### [What the task asks]
Copy out again, unchanged, the listing below from the line that has "move=> fS; rewrite -!sum_const." through the line that has "by rewrite sumr_const cardT -cardE.".

### [Data to use]
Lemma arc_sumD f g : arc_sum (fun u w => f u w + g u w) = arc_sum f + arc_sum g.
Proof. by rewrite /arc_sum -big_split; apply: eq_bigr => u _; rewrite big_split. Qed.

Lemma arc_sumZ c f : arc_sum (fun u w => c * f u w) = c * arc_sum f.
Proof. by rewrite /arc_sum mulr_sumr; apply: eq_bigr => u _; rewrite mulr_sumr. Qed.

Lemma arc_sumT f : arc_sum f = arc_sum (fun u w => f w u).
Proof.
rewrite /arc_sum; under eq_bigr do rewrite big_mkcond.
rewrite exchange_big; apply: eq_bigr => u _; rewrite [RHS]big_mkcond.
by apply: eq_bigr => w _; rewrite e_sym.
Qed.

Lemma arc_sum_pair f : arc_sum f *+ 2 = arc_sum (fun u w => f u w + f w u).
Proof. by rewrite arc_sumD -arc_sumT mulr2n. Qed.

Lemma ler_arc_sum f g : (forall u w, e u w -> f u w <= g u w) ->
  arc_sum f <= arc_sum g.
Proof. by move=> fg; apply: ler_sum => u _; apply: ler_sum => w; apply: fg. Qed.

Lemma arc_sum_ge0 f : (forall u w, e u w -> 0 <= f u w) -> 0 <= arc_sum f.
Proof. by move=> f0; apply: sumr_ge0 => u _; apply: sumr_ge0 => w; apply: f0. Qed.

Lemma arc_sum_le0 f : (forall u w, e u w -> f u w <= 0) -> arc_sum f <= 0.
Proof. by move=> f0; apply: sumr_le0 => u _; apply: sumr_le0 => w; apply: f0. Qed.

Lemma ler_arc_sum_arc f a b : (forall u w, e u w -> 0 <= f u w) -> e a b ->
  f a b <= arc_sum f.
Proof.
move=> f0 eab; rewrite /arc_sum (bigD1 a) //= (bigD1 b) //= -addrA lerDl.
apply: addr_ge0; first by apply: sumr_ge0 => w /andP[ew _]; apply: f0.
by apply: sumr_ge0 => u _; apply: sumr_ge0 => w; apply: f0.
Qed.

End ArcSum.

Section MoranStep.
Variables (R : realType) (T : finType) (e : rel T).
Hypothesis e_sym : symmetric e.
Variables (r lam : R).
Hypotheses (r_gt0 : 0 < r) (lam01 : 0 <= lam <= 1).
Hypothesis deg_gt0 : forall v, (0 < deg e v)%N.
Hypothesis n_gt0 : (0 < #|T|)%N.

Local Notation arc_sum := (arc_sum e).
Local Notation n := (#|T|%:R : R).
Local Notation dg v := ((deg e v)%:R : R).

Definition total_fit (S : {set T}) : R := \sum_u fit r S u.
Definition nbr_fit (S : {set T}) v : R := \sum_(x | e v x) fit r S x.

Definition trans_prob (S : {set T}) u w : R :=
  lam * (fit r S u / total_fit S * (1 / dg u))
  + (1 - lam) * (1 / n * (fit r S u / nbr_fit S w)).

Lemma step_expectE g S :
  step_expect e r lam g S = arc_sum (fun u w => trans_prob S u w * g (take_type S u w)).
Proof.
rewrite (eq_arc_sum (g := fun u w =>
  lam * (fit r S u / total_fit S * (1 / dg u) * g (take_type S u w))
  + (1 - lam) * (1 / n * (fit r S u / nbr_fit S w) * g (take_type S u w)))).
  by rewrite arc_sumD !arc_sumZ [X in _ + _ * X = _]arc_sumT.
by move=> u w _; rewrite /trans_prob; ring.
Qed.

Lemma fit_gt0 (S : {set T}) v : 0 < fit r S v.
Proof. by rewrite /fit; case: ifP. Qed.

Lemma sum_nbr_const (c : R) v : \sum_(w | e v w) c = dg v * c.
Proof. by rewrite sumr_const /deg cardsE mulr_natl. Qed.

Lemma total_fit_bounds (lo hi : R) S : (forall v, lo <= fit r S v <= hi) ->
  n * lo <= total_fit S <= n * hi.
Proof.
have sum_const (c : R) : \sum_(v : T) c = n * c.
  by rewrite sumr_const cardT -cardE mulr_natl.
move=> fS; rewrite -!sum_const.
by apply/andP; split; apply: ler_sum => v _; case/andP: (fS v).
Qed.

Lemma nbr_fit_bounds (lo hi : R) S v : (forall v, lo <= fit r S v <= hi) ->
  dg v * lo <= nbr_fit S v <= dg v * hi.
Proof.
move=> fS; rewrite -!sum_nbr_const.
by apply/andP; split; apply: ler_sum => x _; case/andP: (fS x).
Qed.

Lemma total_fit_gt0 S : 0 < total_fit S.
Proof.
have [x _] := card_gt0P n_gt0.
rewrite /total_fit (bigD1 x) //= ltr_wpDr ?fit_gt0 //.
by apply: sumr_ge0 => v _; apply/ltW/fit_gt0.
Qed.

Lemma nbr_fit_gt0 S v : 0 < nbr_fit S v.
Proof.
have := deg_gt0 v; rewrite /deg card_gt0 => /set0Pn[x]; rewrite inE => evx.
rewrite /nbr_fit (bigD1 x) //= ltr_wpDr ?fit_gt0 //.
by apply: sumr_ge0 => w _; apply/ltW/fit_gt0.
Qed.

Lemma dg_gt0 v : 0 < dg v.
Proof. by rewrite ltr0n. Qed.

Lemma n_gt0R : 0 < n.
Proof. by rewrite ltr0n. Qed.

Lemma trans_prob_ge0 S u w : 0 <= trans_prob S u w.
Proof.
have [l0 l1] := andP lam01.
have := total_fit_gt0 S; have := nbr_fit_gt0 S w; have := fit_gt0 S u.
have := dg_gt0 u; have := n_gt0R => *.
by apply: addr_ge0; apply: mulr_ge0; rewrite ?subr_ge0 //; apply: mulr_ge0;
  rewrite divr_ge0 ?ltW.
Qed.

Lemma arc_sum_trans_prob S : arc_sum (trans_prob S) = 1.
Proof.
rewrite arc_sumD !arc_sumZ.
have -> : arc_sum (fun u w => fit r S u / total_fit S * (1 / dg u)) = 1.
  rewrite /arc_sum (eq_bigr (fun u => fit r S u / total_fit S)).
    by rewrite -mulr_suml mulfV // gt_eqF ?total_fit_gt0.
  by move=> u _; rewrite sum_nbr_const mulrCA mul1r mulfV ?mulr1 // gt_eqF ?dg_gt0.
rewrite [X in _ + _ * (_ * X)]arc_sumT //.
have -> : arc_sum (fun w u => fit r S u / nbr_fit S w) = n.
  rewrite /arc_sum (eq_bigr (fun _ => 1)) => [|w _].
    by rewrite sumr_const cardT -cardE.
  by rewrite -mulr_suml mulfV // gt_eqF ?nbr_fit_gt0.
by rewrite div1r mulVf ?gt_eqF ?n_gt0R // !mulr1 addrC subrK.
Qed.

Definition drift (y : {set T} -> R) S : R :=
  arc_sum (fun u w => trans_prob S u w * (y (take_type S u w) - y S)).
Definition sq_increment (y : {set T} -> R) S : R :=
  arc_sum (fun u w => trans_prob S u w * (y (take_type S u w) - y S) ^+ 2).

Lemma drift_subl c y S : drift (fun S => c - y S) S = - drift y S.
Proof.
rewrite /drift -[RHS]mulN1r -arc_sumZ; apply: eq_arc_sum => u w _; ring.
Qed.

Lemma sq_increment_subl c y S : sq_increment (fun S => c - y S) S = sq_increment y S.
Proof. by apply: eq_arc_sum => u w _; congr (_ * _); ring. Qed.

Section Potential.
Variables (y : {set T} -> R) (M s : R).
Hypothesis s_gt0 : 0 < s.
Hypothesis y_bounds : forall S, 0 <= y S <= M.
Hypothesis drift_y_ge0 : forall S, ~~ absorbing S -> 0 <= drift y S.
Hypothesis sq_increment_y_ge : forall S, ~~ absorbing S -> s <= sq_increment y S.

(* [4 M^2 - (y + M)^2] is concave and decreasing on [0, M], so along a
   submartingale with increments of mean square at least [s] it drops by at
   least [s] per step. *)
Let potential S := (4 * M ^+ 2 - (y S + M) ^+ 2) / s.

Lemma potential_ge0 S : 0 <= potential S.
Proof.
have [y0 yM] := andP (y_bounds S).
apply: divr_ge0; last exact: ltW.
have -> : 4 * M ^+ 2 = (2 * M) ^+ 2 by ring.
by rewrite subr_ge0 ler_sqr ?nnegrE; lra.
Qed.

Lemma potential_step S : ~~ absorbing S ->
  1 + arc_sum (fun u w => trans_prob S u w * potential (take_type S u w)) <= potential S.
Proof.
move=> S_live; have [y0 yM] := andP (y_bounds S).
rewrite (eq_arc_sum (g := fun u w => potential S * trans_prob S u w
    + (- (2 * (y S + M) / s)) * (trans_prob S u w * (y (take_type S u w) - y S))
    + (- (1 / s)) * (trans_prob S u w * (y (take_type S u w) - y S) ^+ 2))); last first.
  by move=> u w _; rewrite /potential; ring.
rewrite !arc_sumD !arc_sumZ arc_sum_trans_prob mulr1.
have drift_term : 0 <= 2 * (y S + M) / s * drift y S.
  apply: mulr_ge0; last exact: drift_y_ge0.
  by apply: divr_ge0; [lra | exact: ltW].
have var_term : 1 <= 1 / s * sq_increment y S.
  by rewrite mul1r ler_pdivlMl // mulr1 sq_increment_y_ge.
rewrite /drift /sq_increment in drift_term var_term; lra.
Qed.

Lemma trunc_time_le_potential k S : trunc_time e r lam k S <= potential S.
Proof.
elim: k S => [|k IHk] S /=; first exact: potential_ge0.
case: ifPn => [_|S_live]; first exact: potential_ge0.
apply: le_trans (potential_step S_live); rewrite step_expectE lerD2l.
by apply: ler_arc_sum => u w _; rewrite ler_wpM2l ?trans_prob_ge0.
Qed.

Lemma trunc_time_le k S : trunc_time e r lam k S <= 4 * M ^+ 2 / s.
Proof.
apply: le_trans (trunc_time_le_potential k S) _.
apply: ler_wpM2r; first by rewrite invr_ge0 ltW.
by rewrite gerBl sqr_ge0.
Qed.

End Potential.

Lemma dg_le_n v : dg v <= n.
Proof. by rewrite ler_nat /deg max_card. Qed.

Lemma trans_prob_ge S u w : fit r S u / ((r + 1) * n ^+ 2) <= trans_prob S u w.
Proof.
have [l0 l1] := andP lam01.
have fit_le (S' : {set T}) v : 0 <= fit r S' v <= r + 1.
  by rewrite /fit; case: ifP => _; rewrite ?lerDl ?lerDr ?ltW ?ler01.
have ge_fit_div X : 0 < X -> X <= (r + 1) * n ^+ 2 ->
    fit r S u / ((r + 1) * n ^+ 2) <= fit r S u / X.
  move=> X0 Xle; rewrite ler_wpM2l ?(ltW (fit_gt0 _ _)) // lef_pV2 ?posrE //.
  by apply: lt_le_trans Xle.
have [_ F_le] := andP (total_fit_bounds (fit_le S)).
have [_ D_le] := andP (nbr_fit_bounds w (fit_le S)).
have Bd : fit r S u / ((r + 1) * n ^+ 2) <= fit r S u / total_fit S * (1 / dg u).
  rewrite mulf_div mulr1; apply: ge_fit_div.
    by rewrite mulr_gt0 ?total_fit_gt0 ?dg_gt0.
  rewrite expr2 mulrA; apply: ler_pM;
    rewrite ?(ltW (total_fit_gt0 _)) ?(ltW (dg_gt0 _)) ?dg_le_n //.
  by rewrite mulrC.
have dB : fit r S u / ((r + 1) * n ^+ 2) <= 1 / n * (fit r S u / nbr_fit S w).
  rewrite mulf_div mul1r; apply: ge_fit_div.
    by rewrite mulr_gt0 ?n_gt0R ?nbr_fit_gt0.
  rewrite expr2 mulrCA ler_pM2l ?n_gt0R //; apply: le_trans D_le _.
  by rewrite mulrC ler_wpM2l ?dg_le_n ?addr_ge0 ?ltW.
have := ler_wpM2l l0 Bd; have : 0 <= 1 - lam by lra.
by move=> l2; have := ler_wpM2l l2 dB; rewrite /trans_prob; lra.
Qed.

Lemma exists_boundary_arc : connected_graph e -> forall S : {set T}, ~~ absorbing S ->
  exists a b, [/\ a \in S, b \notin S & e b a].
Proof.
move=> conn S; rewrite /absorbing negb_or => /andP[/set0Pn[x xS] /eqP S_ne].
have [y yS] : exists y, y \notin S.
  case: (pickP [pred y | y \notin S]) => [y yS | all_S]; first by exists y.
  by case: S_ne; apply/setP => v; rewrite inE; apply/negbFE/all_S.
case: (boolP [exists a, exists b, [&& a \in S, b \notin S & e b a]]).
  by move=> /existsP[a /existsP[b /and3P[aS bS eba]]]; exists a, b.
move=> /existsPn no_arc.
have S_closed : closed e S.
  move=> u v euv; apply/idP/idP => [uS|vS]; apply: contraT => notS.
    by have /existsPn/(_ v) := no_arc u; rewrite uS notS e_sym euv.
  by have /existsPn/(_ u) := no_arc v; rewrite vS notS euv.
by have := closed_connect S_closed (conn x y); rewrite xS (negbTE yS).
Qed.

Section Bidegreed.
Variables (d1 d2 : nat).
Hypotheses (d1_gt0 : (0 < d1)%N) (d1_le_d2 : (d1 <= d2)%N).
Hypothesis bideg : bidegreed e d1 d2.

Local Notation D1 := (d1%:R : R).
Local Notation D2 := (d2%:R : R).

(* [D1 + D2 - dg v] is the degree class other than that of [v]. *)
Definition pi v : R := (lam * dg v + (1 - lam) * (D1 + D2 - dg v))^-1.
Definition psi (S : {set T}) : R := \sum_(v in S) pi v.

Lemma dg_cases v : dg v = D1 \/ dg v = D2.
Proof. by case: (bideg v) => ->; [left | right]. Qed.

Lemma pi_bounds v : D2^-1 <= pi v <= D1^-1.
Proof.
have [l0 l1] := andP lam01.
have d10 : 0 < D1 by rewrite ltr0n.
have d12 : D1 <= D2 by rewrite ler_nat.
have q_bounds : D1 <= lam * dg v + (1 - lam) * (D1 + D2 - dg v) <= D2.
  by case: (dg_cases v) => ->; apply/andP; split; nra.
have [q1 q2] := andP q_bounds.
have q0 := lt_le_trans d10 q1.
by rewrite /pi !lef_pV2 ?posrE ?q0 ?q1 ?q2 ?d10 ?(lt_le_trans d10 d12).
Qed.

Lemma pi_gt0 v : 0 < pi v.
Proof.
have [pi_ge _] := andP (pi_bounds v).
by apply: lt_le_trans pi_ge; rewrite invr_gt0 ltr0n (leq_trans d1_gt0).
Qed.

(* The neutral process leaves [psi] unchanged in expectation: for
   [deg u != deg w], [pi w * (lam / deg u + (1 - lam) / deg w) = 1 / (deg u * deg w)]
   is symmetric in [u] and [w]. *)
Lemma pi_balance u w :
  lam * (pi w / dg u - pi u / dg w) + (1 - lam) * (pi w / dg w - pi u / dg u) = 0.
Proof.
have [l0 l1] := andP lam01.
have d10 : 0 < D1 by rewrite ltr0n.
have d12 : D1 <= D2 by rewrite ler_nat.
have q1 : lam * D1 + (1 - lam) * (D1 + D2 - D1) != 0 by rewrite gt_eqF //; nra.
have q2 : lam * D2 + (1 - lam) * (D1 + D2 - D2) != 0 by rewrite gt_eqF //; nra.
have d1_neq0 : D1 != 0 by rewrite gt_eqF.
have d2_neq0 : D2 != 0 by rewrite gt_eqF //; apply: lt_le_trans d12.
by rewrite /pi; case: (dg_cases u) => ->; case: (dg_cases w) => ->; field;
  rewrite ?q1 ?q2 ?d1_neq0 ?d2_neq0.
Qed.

### [Completed exercise]
move=> fS; rewrite -!sum_const.
by apply/andP; split; apply: ler_sum => v _; case/andP: (fS v).
Qed.

Lemma nbr_fit_bounds (lo hi : R) S v : (forall v, lo <= fit r S v <= hi) ->
  dg v * lo <= nbr_fit S v <= dg v * hi.
Proof.
move=> fS; rewrite -!sum_nbr_const.
by apply/andP; split; apply: ler_sum => x _; case/andP: (fS x).
Qed.

Lemma total_fit_gt0 S : 0 < total_fit S.
Proof.
have [x _] := card_gt0P n_gt0.
rewrite /total_fit (bigD1 x) //= ltr_wpDr ?fit_gt0 //.
by apply: sumr_ge0 => v _; apply/ltW/fit_gt0.
Qed.

Lemma nbr_fit_gt0 S v : 0 < nbr_fit S v.
Proof.
have := deg_gt0 v; rewrite /deg card_gt0 => /set0Pn[x]; rewrite inE => evx.
rewrite /nbr_fit (bigD1 x) //= ltr_wpDr ?fit_gt0 //.
by apply: sumr_ge0 => w _; apply/ltW/fit_gt0.
Qed.

Lemma dg_gt0 v : 0 < dg v.
Proof. by rewrite ltr0n. Qed.

Lemma n_gt0R : 0 < n.
Proof. by rewrite ltr0n. Qed.

Lemma trans_prob_ge0 S u w : 0 <= trans_prob S u w.
Proof.
have [l0 l1] := andP lam01.
have := total_fit_gt0 S; have := nbr_fit_gt0 S w; have := fit_gt0 S u.
have := dg_gt0 u; have := n_gt0R => *.
by apply: addr_ge0; apply: mulr_ge0; rewrite ?subr_ge0 //; apply: mulr_ge0;
  rewrite divr_ge0 ?ltW.
Qed.

Lemma arc_sum_trans_prob S : arc_sum (trans_prob S) = 1.
Proof.
rewrite arc_sumD !arc_sumZ.
have -> : arc_sum (fun u w => fit r S u / total_fit S * (1 / dg u)) = 1.
  rewrite /arc_sum (eq_bigr (fun u => fit r S u / total_fit S)).
    by rewrite -mulr_suml mulfV // gt_eqF ?total_fit_gt0.
  by move=> u _; rewrite sum_nbr_const mulrCA mul1r mulfV ?mulr1 // gt_eqF ?dg_gt0.
rewrite [X in _ + _ * (_ * X)]arc_sumT //.
have -> : arc_sum (fun w u => fit r S u / nbr_fit S w) = n.
  rewrite /arc_sum (eq_bigr (fun _ => 1)) => [|w _].
    by rewrite sumr_const cardT -cardE.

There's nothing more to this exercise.